## [Your instructions]
Restate every record exactly, with nothing skipped.

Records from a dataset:

--

(* Let $n\ge 2$ and let $\rho$ be an $n$-qubit symmetric state that is entangled. Then $\rho$ is genuinely entangled and $$l(\rho)=\min\{k\in\{2,\dots,n\}\mid \rho_{[k]}\text{ is entangled}\}.$$
   Context: Let $n\ge 2$, $[n]=\{1,\dots,n\}$, and $\mathcal H_{[n]}=\bigotimes_{i=1}^n\mathcal H_i$ with $\mathcal H_i\cong\mathbb C^2$. For $S\subseteq[n]$, $\mathcal H_S=\bigotimes_{j\in S}\mathcal H_j$, and for a density matrix $\rho$ on $\mathcal H_{[n]}$, $\rho_S=\mathrm{Tr}_{[n]\setminus S}\rho$; $\rho_{[k]}:=\rho_{\{1,\dots,k\}}$. A pure state $|\psi\rangle$ is separable with respect to the bipartition $S|\bar S$ if $|\psi\rangle=|\alpha\rangle_S\otimes|\beta\rangle_{\bar S}$; it is biseparable if this holds for some $\emptyset\ne S\subsetneq[n]$, and fully separable if it is separable with respect to every bipartition. A mixed state is biseparable (resp. fully separable) if it is a convex combination of biseparable (resp. fully separable) pure states; it is entangled if not fully separable and genuinely entangled if not biseparable. For a collection $\mathcal S$ of subsets of $[n]$, the compatibility set is $\mathcal C(\rho,\mathcal S)=\{\sigma\text{ density matrix on }\mathcal H_{[n]}:\sigma_S=\rho_S\ \forall S\in\mathcal S\}$. $\mathcal S$ determines $\rho$ if $\mathcal C(\rho,\mathcal S)=\{\rho\}$, and $\mathcal S$ detects $\rho$'s genuine multipartite entanglement (GME) if every element of $\mathcal C(\rho,\mathcal S)$ is genuinely entangled. The state determination length is $L(\rho)=\min_{\mathcal S\text{ determines }\rho}\max_{S\in\mathcal S}|S|$, and for genuinely entangled $\rho$ the entanglement detection length is $l(\rho)=\min_{\mathcal S\text{ detects }\rho\text{'s GME}}\max_{S\in\mathcal S}|S|$. The symmetric subspace of $\mathcal H_S$ consists of vectors invariant under swapping any two qubits of $S$; a state on $\mathcal H_S$ is symmetric if its range is contained in the symmetric subspace. *)

From HB Require Import structures.
From mathcomp Require Import all_boot all_order all_algebra all_fingroup.
From mathcomp Require Import complex.
From mathcomp Require Import reals.
Unset Printing Implicit Defensive.
Import Order.TTheory GRing.Theory Num.Theory.
Local Open Scope ring_scope.

Section Qubits.
Context {R : realType}.
Notation C := (R[i]).

(* A finite set of qubits is indexed by a finType I; computational basis
   states of H_I = (C^2)^{(x) I} are configurations I -> bool. *)
Definition cfg (I : finType) := {ffun I -> bool}.
Definition qvec (I : finType) := cfg I -> C.
Definition qop (I : finType) := cfg I -> cfg I -> C.

Definition sub {I : finType} (S : {set I}) := {i : I | i \in S}.

Definition restr {I : finType} (S : {set I}) (x : cfg I) : cfg (sub S) :=
  [ffun j => x (val j)].

Definition glue {I : finType} (S : {set I}) (x : cfg (sub S)) (z : cfg I) : cfg I :=
  [ffun i => if insub i is Some j then x j else z i].

Definition ptrace {I : finType} (S : {set I}) (rho : qop I) : qop (sub S) :=
  fun x y => \sum_(z : cfg I | [forall i, (i \in S) ==> ~~ z i])
               rho (glue S x z) (glue S y z).

Definition density {I : finType} (rho : qop I) : Prop :=
  (forall x y, rho x y = (rho y x)^*) /\
  (forall v : qvec I, 0 <= \sum_x \sum_y (v x)^* * rho x y * v y) /\
  \sum_x rho x x = 1.

Definition unit_vec {I : finType} (psi : qvec I) : Prop :=
  \sum_x (psi x)^* * psi x = 1.

Definition proj {I : finType} (psi : qvec I) : qop I :=
  fun x y => psi x * (psi y)^*.

Definition sep_wrt {I : finType} (S : {set I}) (psi : qvec I) : Prop :=
  exists (alpha : qvec (sub S)) (beta : qvec (sub (~: S))),
    forall x, psi x = alpha (restr S x) * beta (restr (~: S) x).

Definition pure_bisep {I : finType} (psi : qvec I) : Prop :=
  exists S : {set I}, [/\ S != set0, S != setT & sep_wrt S psi].

Definition pure_fullsep {I : finType} (psi : qvec I) : Prop :=
  forall S : {set I}, sep_wrt S psi.

Definition conv_pure {I : finType} (P : qvec I -> Prop) (rho : qop I) : Prop :=
  exists (m : nat) (p : 'I_m -> C) (psi : 'I_m -> qvec I),
    [/\ forall j, 0 <= p j,
        \sum_j p j = 1,
        forall j, unit_vec (psi j) /\ P (psi j)
      & forall x y, rho x y = \sum_j p j * proj (psi j) x y].

Definition biseparable {I : finType} (rho : qop I) := conv_pure (@pure_bisep I) rho.
Definition fully_separable {I : finType} (rho : qop I) :=
  conv_pure (@pure_fullsep I) rho.
Definition entangled {I : finType} (rho : qop I) := ~ fully_separable rho.
Definition genuinely_entangled {I : finType} (rho : qop I) := ~ biseparable rho.

Definition compatible {I : finType} (rho : qop I) (Sc : {set {set I}})
  (sigma : qop I) : Prop :=
  density sigma /\
  forall S, S \in Sc -> forall x y, ptrace S sigma x y = ptrace S rho x y.

Definition detects_GME {I : finType} (Sc : {set {set I}}) (rho : qop I) : Prop :=
  forall sigma, compatible rho Sc sigma -> genuinely_entangled sigma.

(* L = l(rho) := min over GME-detecting Sc of max_{S in Sc} |S| *)
Definition is_detection_length {I : finType} (rho : qop I) (L : nat) : Prop :=
  (exists Sc, detects_GME Sc rho /\ \max_(S in Sc) #|S| = L) /\
  (forall Sc, detects_GME Sc rho -> (L <= \max_(S in Sc) #|S|)%N).

Definition swapcfg {I : finType} (i j : I) (x : cfg I) : cfg I :=
  [ffun a => x (tperm i j a)].

Definition symmetric_vec {I : finType} (v : qvec I) : Prop :=
  forall (i j : I) x, v (swapcfg i j x) = v x.

Definition apply_op {I : finType} (rho : qop I) (v : qvec I) : qvec I :=
  fun x => \sum_y rho x y * v y.

Definition symmetric_state {I : finType} (rho : qop I) : Prop :=
  density rho /\ forall v, symmetric_vec (apply_op rho v).

(* [k] = {1,...,k}, i.e. the first k qubits *)
Definition first (n k : nat) : {set 'I_n} := [set i : 'I_n | (i < k)%N].

End Qubits.

From HB Require Import structures.
From mathcomp Require Import all_boot all_order all_algebra all_fingroup.
From mathcomp Require Import complex reals ring zify.
From Stdlib Require Import Classical Wf_nat.
Set Implicit Arguments. Unset Strict Implicit. Unset Printing Implicit Defensive.
Import Order.TTheory GRing.Theory Num.Theory.
Local Open Scope ring_scope.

--

## [Answer for this exercise]
(* Let $n\ge 2$ and let $\rho$ be an $n$-qubit symmetric state that is entangled. Then $\rho$ is genuinely entangled and $$l(\rho)=\min\{k\in\{2,\dots,n\}\mid \rho_{[k]}\text{ is entangled}\}.$$
   Context: Let $n\ge 2$, $[n]=\{1,\dots,n\}$, and $\mathcal H_{[n]}=\bigotimes_{i=1}^n\mathcal H_i$ with $\mathcal H_i\cong\mathbb C^2$. For $S\subseteq[n]$, $\mathcal H_S=\bigotimes_{j\in S}\mathcal H_j$, and for a density matrix $\rho$ on $\mathcal H_{[n]}$, $\rho_S=\mathrm{Tr}_{[n]\setminus S}\rho$; $\rho_{[k]}:=\rho_{\{1,\dots,k\}}$. A pure state $|\psi\rangle$ is separable with respect to the bipartition $S|\bar S$ if $|\psi\rangle=|\alpha\rangle_S\otimes|\beta\rangle_{\bar S}$; it is biseparable if this holds for some $\emptyset\ne S\subsetneq[n]$, and fully separable if it is separable with respect to every bipartition. A mixed state is biseparable (resp. fully separable) if it is a convex combination of biseparable (resp. fully separable) pure states; it is entangled if not fully separable and genuinely entangled if not biseparable. For a collection $\mathcal S$ of subsets of $[n]$, the compatibility set is $\mathcal C(\rho,\mathcal S)=\{\sigma\text{ density matrix on }\mathcal H_{[n]}:\sigma_S=\rho_S\ \forall S\in\mathcal S\}$. $\mathcal S$ determines $\rho$ if $\mathcal C(\rho,\mathcal S)=\{\rho\}$, and $\mathcal S$ detects $\rho$'s genuine multipartite entanglement (GME) if every element of $\mathcal C(\rho,\mathcal S)$ is genuinely entangled. The state determination length is $L(\rho)=\min_{\mathcal S\text{ determines }\rho}\max_{S\in\mathcal S}|S|$, and for genuinely entangled $\rho$ the entanglement detection length is $l(\rho)=\min_{\mathcal S\text{ detects }\rho\text{'s GME}}\max_{S\in\mathcal S}|S|$. The symmetric subspace of $\mathcal H_S$ consists of vectors invariant under swapping any two qubits of $S$; a state on $\mathcal H_S$ is symmetric if its range is contained in the symmetric subspace. *)

From HB Require Import structures.
From mathcomp Require Import all_boot all_order all_algebra all_fingroup.
From mathcomp Require Import complex.
From mathcomp Require Import reals.
Unset Printing Implicit Defensive.
Import Order.TTheory GRing.Theory Num.Theory.
Local Open Scope ring_scope.

Section Qubits.
Context {R : realType}.
Notation C := (R[i]).

(* A finite set of qubits is indexed by a finType I; computational basis
   states of H_I = (C^2)^{(x) I} are configurations I -> bool. *)
Definition cfg (I : finType) := {ffun I -> bool}.
Definition qvec (I : finType) := cfg I -> C.
Definition qop (I : finType) := cfg I -> cfg I -> C.

Definition sub {I : finType} (S : {set I}) := {i : I | i \in S}.

Definition restr {I : finType} (S : {set I}) (x : cfg I) : cfg (sub S) :=
  [ffun j => x (val j)].

Definition glue {I : finType} (S : {set I}) (x : cfg (sub S)) (z : cfg I) : cfg I :=
  [ffun i => if insub i is Some j then x j else z i].

Definition ptrace {I : finType} (S : {set I}) (rho : qop I) : qop (sub S) :=
  fun x y => \sum_(z : cfg I | [forall i, (i \in S) ==> ~~ z i])
               rho (glue S x z) (glue S y z).

Definition density {I : finType} (rho : qop I) : Prop :=
  (forall x y, rho x y = (rho y x)^*) /\
  (forall v : qvec I, 0 <= \sum_x \sum_y (v x)^* * rho x y * v y) /\
  \sum_x rho x x = 1.

Definition unit_vec {I : finType} (psi : qvec I) : Prop :=
  \sum_x (psi x)^* * psi x = 1.

Definition proj {I : finType} (psi : qvec I) : qop I :=
  fun x y => psi x * (psi y)^*.

Definition sep_wrt {I : finType} (S : {set I}) (psi : qvec I) : Prop :=
  exists (alpha : qvec (sub S)) (beta : qvec (sub (~: S))),
    forall x, psi x = alpha (restr S x) * beta (restr (~: S) x).

Definition pure_bisep {I : finType} (psi : qvec I) : Prop :=
  exists S : {set I}, [/\ S != set0, S != setT & sep_wrt S psi].

Definition pure_fullsep {I : finType} (psi : qvec I) : Prop :=
  forall S : {set I}, sep_wrt S psi.

Definition conv_pure {I : finType} (P : qvec I -> Prop) (rho : qop I) : Prop :=
  exists (m : nat) (p : 'I_m -> C) (psi : 'I_m -> qvec I),
    [/\ forall j, 0 <= p j,
        \sum_j p j = 1,
        forall j, unit_vec (psi j) /\ P (psi j)
      & forall x y, rho x y = \sum_j p j * proj (psi j) x y].

Definition biseparable {I : finType} (rho : qop I) := conv_pure (@pure_bisep I) rho.
Definition fully_separable {I : finType} (rho : qop I) :=
  conv_pure (@pure_fullsep I) rho.
Definition entangled {I : finType} (rho : qop I) := ~ fully_separable rho.
Definition genuinely_entangled {I : finType} (rho : qop I) := ~ biseparable rho.

Definition compatible {I : finType} (rho : qop I) (Sc : {set {set I}})
  (sigma : qop I) : Prop :=
  density sigma /\
  forall S, S \in Sc -> forall x y, ptrace S sigma x y = ptrace S rho x y.

Definition detects_GME {I : finType} (Sc : {set {set I}}) (rho : qop I) : Prop :=
  forall sigma, compatible rho Sc sigma -> genuinely_entangled sigma.

(* L = l(rho) := min over GME-detecting Sc of max_{S in Sc} |S| *)
Definition is_detection_length {I : finType} (rho : qop I) (L : nat) : Prop :=
  (exists Sc, detects_GME Sc rho /\ \max_(S in Sc) #|S| = L) /\
  (forall Sc, detects_GME Sc rho -> (L <= \max_(S in Sc) #|S|)%N).

Definition swapcfg {I : finType} (i j : I) (x : cfg I) : cfg I :=
  [ffun a => x (tperm i j a)].

Definition symmetric_vec {I : finType} (v : qvec I) : Prop :=
  forall (i j : I) x, v (swapcfg i j x) = v x.

Definition apply_op {I : finType} (rho : qop I) (v : qvec I) : qvec I :=
  fun x => \sum_y rho x y * v y.

Definition symmetric_state {I : finType} (rho : qop I) : Prop :=
  density rho /\ forall v, symmetric_vec (apply_op rho v).

(* [k] = {1,...,k}, i.e. the first k qubits *)
Definition first (n k : nat) : {set 'I_n} := [set i : 'I_n | (i < k)%N].

End Qubits.

From HB Require Import structures.
From mathcomp Require Import all_boot all_order all_algebra all_fingroup.
From mathcomp Require Import complex reals ring zify.
From Stdlib Require Import Classical Wf_nat.
Set Implicit Arguments. Unset Strict Implicit. Unset Printing Implicit Defensive.
Import Order.TTheory GRing.Theory Num.Theory.
Local Open Scope ring_scope.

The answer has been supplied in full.